23. Where CKF tends to be weak
Simple factual questions, short documents, ephemeral content, broad exploratory search, raw-recall-dominant tasks, very noisy corpora without good extraction, free-generation-acceptable tasks, scenarios with no reuse of the compiled package.
24. Research framing
Explicit typed knowledge objects with source-grounded provenance, generated at indexing time from human documents, improve downstream answer faithfulness, exception handling, and compositional correctness under constrained context budgets compared to passage-only RAG.

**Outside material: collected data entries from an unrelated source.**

(* Let $\langle A,\to\rangle$ be a conditional algebra. There exists a dual lattice isomorphism between the lattice of congruences of $\langle A,\to\rangle$ and the lattice (ordered by inclusion) of $T_A$-closed subsets of the expanded Stone space $\langle\mathrm{Ul}(A),\tau_s,T_A\rangle$.
   Context: A conditional algebra is $\langle A,\to\rangle$ with $A$ a Boolean algebra and $\to$ binary with $a\to1=1$, $(a\to b)\wedge(a\to c)=a\to(b\wedge c)$, $(a\vee b)\to c\le(a\to c)\wedge(b\to c)$. $\mathrm{Ul}(A)$ is the Stone space of ultrafilters; closed sets are $\varphi(F)=\{u:F\subseteq u\}$ for filters $F$ (including $F=A$). $D^{\to}_u(F)=\{b:\exists a\in F,\ a\to b\in u\}$; $T_A(u,Z,v)$ iff there is a filter $F$ with $Z=\varphi(F)$ and $D^{\to}_u(F)\subseteq v$. For ultrafilters $x,y$, $\mathbf{C}(x,y)$ is the set of closed $Z$ with $T_A(x,Z,y)$. A closed set $Y$ is $T_A$-closed if for all $x,y$: if $x\in Y$ and $Z$ is a minimal element of $\mathbf{C}(x,y)$ under inclusion, then $Z\subseteq Y$ and $y\in Y$. *)

(* a Boolean algebra is a complemented distributive lattice
   with top and bottom, i.e. MathComp's ctbDistrLatticeType. *)
From mathcomp Require Import all_boot all_order.
Set Implicit Arguments. Unset Strict Implicit. Unset Printing Implicit Defensive.
Import Order.Theory.
Local Open Scope order_scope.

Section Defs.
Context {disp : Order.disp_t} {A : ctbDistrLatticeType disp}.
Variable imp : A -> A -> A.

Definition psub {T : Type} (P Q : T -> Prop) : Prop := forall z, P z -> Q z.

Definition conditional_algebra : Prop :=
  (forall a : A, imp a \top = \top) /\
  (forall a b c : A, imp a b `&` imp a c = imp a (b `&` c)) /\
  (forall a b c : A, imp (a `|` b) c <= imp a c `&` imp b c).

Definition congruence (th : A -> A -> Prop) : Prop :=
  (forall a, th a a) /\ (forall a b, th a b -> th b a) /\
  (forall a b c, th a b -> th b c -> th a c) /\
  (forall a b a' b', th a a' -> th b b' -> th (a `&` b) (a' `&` b')) /\
  (forall a b a' b', th a a' -> th b b' -> th (a `|` b) (a' `|` b')) /\
  (forall a a', th a a' -> th (~` a) (~` a')) /\
  (forall a b a' b', th a a' -> th b b' -> th (imp a b) (imp a' b')).

(* filters (the improper filter A included) *)
Definition bfilter (F : A -> Prop) : Prop :=
  F \top /\ (forall a b, F a -> a <= b -> F b) /\
  (forall a b, F a -> F b -> F (a `&` b)).

Definition ultrafilter (u : A -> Prop) : Prop :=
  bfilter u /\ ~ u \bot /\
  (forall G, bfilter G -> ~ G \bot -> psub u G -> psub G u).

Definition phi (F : A -> Prop) : (A -> Prop) -> Prop :=
  fun u => ultrafilter u /\ psub F u.

Definition is_closed (Z : (A -> Prop) -> Prop) : Prop :=
  exists F, bfilter F /\ Z = phi F.

Definition Dimp (u F : A -> Prop) : A -> Prop :=
  fun b => exists a, F a /\ u (imp a b).

Definition TA (u : A -> Prop) (Z : (A -> Prop) -> Prop) (v : A -> Prop) : Prop :=
  exists F, bfilter F /\ Z = phi F /\ psub (Dimp u F) v.

Definition Cset (x y : A -> Prop) (Z : (A -> Prop) -> Prop) : Prop :=
  is_closed Z /\ TA x Z y.

Definition minimal_C (x y : A -> Prop) (Z : (A -> Prop) -> Prop) : Prop :=
  Cset x y Z /\ (forall Z', Cset x y Z' -> psub Z' Z -> psub Z Z').

Definition TA_closed (Y : (A -> Prop) -> Prop) : Prop :=
  is_closed Y /\
  (forall x y Z, ultrafilter x -> ultrafilter y -> Y x -> minimal_C x y Z ->
     psub Z Y /\ Y y).

End Defs.

(* A congruence th is determined by its filter F = {a | th a 1} and is sent to
   the closed set phi F.  Since every filter is the intersection of the
   ultrafilters above it, th relates a and b exactly when no ultrafilter of
   phi F separates them; this makes the map injective and order reversing.
   Conversely, for a T_A-closed set Y the relation "no u in Y separates a and b"
   is a Boolean congruence, and it is compatible with -> because Y is closed
   under the minimal elements of C(x, y), which exist by Zorn's lemma applied
   to the filters G with D_x(G) included in y.  Finally phi F is T_A-closed:
   joining F to such a G preserves D_x(G) <= y, so minimality forces F <= G. *)

From mathcomp Require Import all_boot all_order.
From mathcomp Require Import boolp.
From mathcomp Require classical_sets.
From Stdlib Require Import Classical.
Set Implicit Arguments. Unset Strict Implicit. Unset Printing Implicit Defensive.
Import Order.Theory.
Local Open Scope order_scope.

Section Filters.
Context {disp : Order.disp_t} {A : ctbDistrLatticeType disp}.
Implicit Types (F G P u : A -> Prop) (a b c d e : A).

Lemma filter_top F : bfilter F -> F \top.
Proof. by case. Qed.

Lemma filter_up F a b : bfilter F -> F a -> a <= b -> F b.
Proof. by case=> _ [H _]; apply: H. Qed.

Lemma filter_meet F a b : bfilter F -> F a -> F b -> F (a `&` b).
Proof. by case=> _ [_ H]; apply: H. Qed.

Lemma meetxCU a b : a `&` (~` a `|` b) = a `&` b.
Proof. by rewrite meetUr meetxC join0x. Qed.

Definition upset a : A -> Prop := fun z => a <= z.

Lemma upset_filter a : bfilter (upset a).
Proof.
split; first exact: lex1.
split; first by move=> b c ab bc; exact: le_trans ab bc.
by move=> b c ab ac; rewrite /upset lexI ab.
Qed.

Definition filter_join F G : A -> Prop :=
  fun c => exists a b, [/\ F a, G b & a `&` b <= c].

Lemma filter_join_filter F G : bfilter F -> bfilter G -> bfilter (filter_join F G).
Proof.
move=> hF hG; split.
  by exists \top, \top; split; [exact: filter_top|exact: filter_top|exact: lex1].
split.
  by move=> c c' [a [b [Fa Gb ab]]] cc'; exists a, b; split=> //; exact: le_trans cc'.
move=> c c' [a [b [Fa Gb ab]]] [a' [b' [Fa' Gb' ab']]].
exists (a `&` a'), (b `&` b'); split; [exact: filter_meet|exact: filter_meet|].
rewrite lexI; apply/andP; split.
  by apply: le_trans ab; apply: leI2; exact: leIl.
by apply: le_trans ab'; apply: leI2; exact: leIr.
Qed.

Lemma filter_join_l F G : bfilter G -> psub F (filter_join F G).
Proof. by move=> hG a Fa; exists a, \top; split=> //; [exact: filter_top|exact: leIl]. Qed.

Lemma filter_join_r F G : bfilter F -> psub G (filter_join F G).
Proof. by move=> hF b Gb; exists \top, b; split=> //; [exact: filter_top|exact: leIr]. Qed.

Lemma chain_union_filter (C : (A -> Prop) -> Prop) :
  (forall G, C G -> bfilter G) ->
  (forall G H, C G -> C H -> psub G H \/ psub H G) -> (exists G, C G) ->
  bfilter (fun a => exists G, C G /\ G a).
Proof.
move=> Cf Ctot [G0 CG0]; split; first by exists G0; split=> //; exact: filter_top (Cf _ CG0).
split.
  by move=> a b [G [CG Ga]] ab; exists G; split=> //; exact: filter_up (Cf _ CG) Ga ab.
move=> a b [G [CG Ga]] [H [CH Hb]].
case: (Ctot G H CG CH) => [GH|HG].
  by exists H; split=> //; apply: filter_meet (Cf _ CH) (GH _ Ga) Hb.
by exists G; split=> //; apply: filter_meet (Cf _ CG) Ga (HG _ Hb).
Qed.

Lemma filter_Zorn (S F0 : A -> Prop) : bfilter F0 -> psub F0 S ->
  exists M, [/\ bfilter M, psub F0 M, psub M S &
    forall G, bfilter G -> psub G S -> psub M G -> psub G M].
Proof.
move=> hF0 F0S.
(* Zorn's lemma on the filters between F0 and S; F0 bounds the empty chain. *)
pose T := {G : A -> Prop | [/\ bfilter G, psub F0 G & psub G S]}.
pose t0 : T := exist _ F0 (And3 hF0 (fun _ => id) F0S).
pose R (s t : T) := `[< psub (sval s) (sval t) >].
have Rrefl t : R t t by apply/asboolP.
have Rtrans r s t : R r s -> R s t -> R r t.
  by move=> /asboolP rs /asboolP st; apply/asboolP => z /rs /st.
have Rchain (K : classical_sets.set T) : classical_sets.total_on K R ->
    exists t, forall s, K s -> R s t.
  move=> Ktot; have [[s0 Ks0]|Kempty] := classic (exists s, K s); last first.
    by exists t0 => s Ks; case: Kempty; exists s.
  pose C G := exists s, K s /\ sval s = G.
  have CP G : C G -> [/\ bfilter G, psub F0 G & psub G S].
    by case=> s [_ <-]; exact: (proj2_sig s).
  pose U a := exists G, C G /\ G a.
  have Uf : bfilter U.
    apply: chain_union_filter; first by move=> G /CP [].
      move=> _ _ [s [Ks <-]] [t [Kt <-]].
      by case: (Ktot s t Ks Kt) => /asboolP; [left|right].
    by exists (sval s0), s0.
  have UP : [/\ bfilter U, psub F0 U & psub U S].
    split=> // [a F0a|a [G [/CP [_ _ GS] /GS //]]].
    by exists (sval s0); split; [exists s0|case: (svalP s0) => _ /(_ a F0a)].
  exists (exist _ U UP : T) => s Ks; apply/asboolP => a sa.
  by exists (sval s); split=> //; exists s.
have [[M [Mf F0M MS]] Mmax] := classical_sets.ZL_preorder t0 Rrefl Rtrans Rchain.
exists M; split=> // G Gf GS MG.
have PG : [/\ bfilter G, psub F0 G & psub G S] by split=> // z /F0M /MG.
by apply/asboolP; apply: (Mmax (exist _ G PG)); apply/asboolP.
Qed.

Lemma ultrafilter_filter u : ultrafilter u -> bfilter u.
Proof. by case. Qed.

Lemma ultrafilterVC u d : ultrafilter u -> u d \/ u (~` d).
Proof.
move=> [uf [ub umax]]; have [ud|nud] := classic (u d); [by left|right].
have [[m [b [um db mb0]]]|nb] := classic (filter_join u (upset d) \bot).
  apply: filter_up uf um _; rewrite -disj_leC -lex0.
  by apply: le_trans mb0; apply: leI2.
case: nud; apply: umax (filter_join_filter uf (upset_filter d)) nb _ _ _.
  exact: filter_join_l (upset_filter d).
exact: filter_join_r uf _ (lexx d).
Qed.

Lemma ultrafilter_complE u d : ultrafilter u -> u (~` d) <-> ~ u d.
Proof.
move=> uu; split; last by case: (ultrafilterVC d uu).
move=> ucd ud; case: uu => uf [ub _]; apply: ub.
by rewrite -(meetxC d); exact: filter_meet.
Qed.

Lemma ultrafilter_meetE u a b : ultrafilter u -> u (a `&` b) <-> u a /\ u b.
Proof.
move=> /ultrafilter_filter uf; split; last by case; exact: filter_meet.
by move=> uab; split; apply: filter_up uf uab _; [exact: leIl|exact: leIr].
Qed.

Lemma ultrafilter_joinE u a b : ultrafilter u -> u (a `|` b) <-> u a \/ u b.
Proof.
move=> uu; have uf := ultrafilter_filter uu; split; last first.
  by case=> h; apply: filter_up uf h _; [exact: leUl|exact: leUr].
rewrite -[a `|` b]complK complU ultrafilter_complE // ultrafilter_meetE //.
by rewrite !ultrafilter_complE //; tauto.
Qed.

Lemma ultrafilter_ext P e : bfilter P -> ~ P e ->
  exists u, [/\ ultrafilter u, psub P u & ~ u e].
Proof.
move=> hP nPe; pose P' := filter_join P (upset (~` e)).
have P'f : bfilter P' := filter_join_filter hP (upset_filter _).
have P'proper : psub P' (fun a => a <> \bot).
  move=> a [p [b [Pp eb pb]]] a0; apply: nPe; apply: filter_up hP Pp _.
  rewrite -[e]complK -disj_leC -lex0 -a0; apply: le_trans pb; exact: leI2.
have [u [uf P'u uproper umax]] := filter_Zorn P'f P'proper.
have uu : ultrafilter u.
  split=> //; split; first by move/uproper.
  by move=> G Gf Gb uG; apply: umax => // a Ga a0; apply: Gb; rewrite -a0.
exists u; split=> //; first by move=> a /(filter_join_l (upset_filter _)) /P'u.
by apply/(ultrafilter_complE _ uu); apply: P'u; exact: filter_join_r hP _ (lexx _).
Qed.

Lemma filter_uf_intersection G d : bfilter G ->
  (forall u, ultrafilter u -> psub G u -> u d) -> G d.
Proof.
move=> Gf Gd; apply: NNPP => nGd.
by have [u [uu Gu /(_ (Gd u uu Gu))]] := ultrafilter_ext Gf nGd.
Qed.

Lemma phi_sub F G : psub F G -> psub (phi G) (phi F).
Proof. by move=> FG u [uu Gu]; split=> // a /FG /Gu. Qed.

Lemma sub_of_phi_sub F G : bfilter G -> psub (phi G) (phi F) -> psub F G.
Proof.
move=> Gf FG a Fa; apply: filter_uf_intersection => // u uu Gu.
by case: (FG u (conj uu Gu)) => _; apply.
Qed.

End Filters.

Section ConditionalAlgebra.
Context {disp : Order.disp_t} {A : ctbDistrLatticeType disp}.
Context (imp : A -> A -> A) (hA : conditional_algebra imp).
Implicit Types (F G u x y : A -> Prop) (a b c : A).

Lemma imp_x1 a : imp a \top = \top.
Proof. by case: hA. Qed.

Lemma le_impl a a' c : a <= a' -> imp a' c <= imp a c.
Proof.
move=> aa'; case: hA => _ [_ impUl].
by have := impUl a a' c; rewrite (join_idPr aa') lexI => /andP[].
Qed.

Lemma le_impr a b b' : b <= b' -> imp a b <= imp a b'.
Proof.
move=> bb'; case: hA => _ [impIr _].
by rewrite -(meet_idPl bb') -impIr leIr.
Qed.

Lemma imp_filter x a : bfilter x -> bfilter (fun b => x (imp a b)).
Proof.
move=> xf; split; first by rewrite imp_x1; exact: filter_top.
split; first by move=> b c xb bc; apply: filter_up xf xb (le_impr _ bc).
by move=> b c xb xc; case: hA => _ [impIr _]; rewrite -impIr; exact: filter_meet.
Qed.

Lemma Dimp_subE x y G :
  psub (Dimp imp x G) y <-> psub G (fun a => forall b, x (imp a b) -> y b).
Proof. by split=> [Dy a Ga b xab|Gy b [a [/Gy Gxy /Gxy]]]; [apply: Dy; exists a|]. Qed.

Lemma minimal_C_of_maximal x y G : bfilter G -> psub (Dimp imp x G) y ->
  (forall H, bfilter H -> psub (Dimp imp x H) y -> psub G H -> psub H G) ->
  minimal_C imp x y (phi G).
Proof.
move=> Gf DGy Gmax; split; first by split; [exists G|exists G].
move=> _ [_ [H [Hf [-> DHy]]]] HG.
by apply: phi_sub; apply: Gmax => //; exact: sub_of_phi_sub.
Qed.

The relevant experiment isn't "CKF looks more organized" but: does CKF improve evidence recall/precision and answer faithfulness for compositional, procedural, and exception-sensitive queries — controlling for same documents, model, context budget, query set, evaluation rubric, and comparable retrieval infrastructure?
25. Specialist summary
CKF is best understood as an intermediate IR layer — document-grounded, typed, provenance-aware, multi-granular — for knowledge-intensive NLP. It turns documents into retrievable objects richer than chunks and less rigid than a full KG.
It promises better evidence selection, evidence assembly, grounding, citation, exception handling, procedural correctness, abstention, context efficiency, and agentic use. Its biggest weakness is compilation quality — so CKF's validity depends on rigorous intrinsic evaluation and, above all, on extrinsic gains in downstream tasks.
In one technical sentence: CKF is a semantic document compilation layer that produces typed, source-grounded, retrieval-ready knowledge objects to improve retrieval-augmented reasoning and reduce composition errors in document-based AI systems.
Closing
The document is not the knowledge. The knowledge has to be compiled. CKF is the same idea, whether you tell it to a child with a dinosaur book or to a researcher with a retrieval stack — it just gains resolution as the audience changes.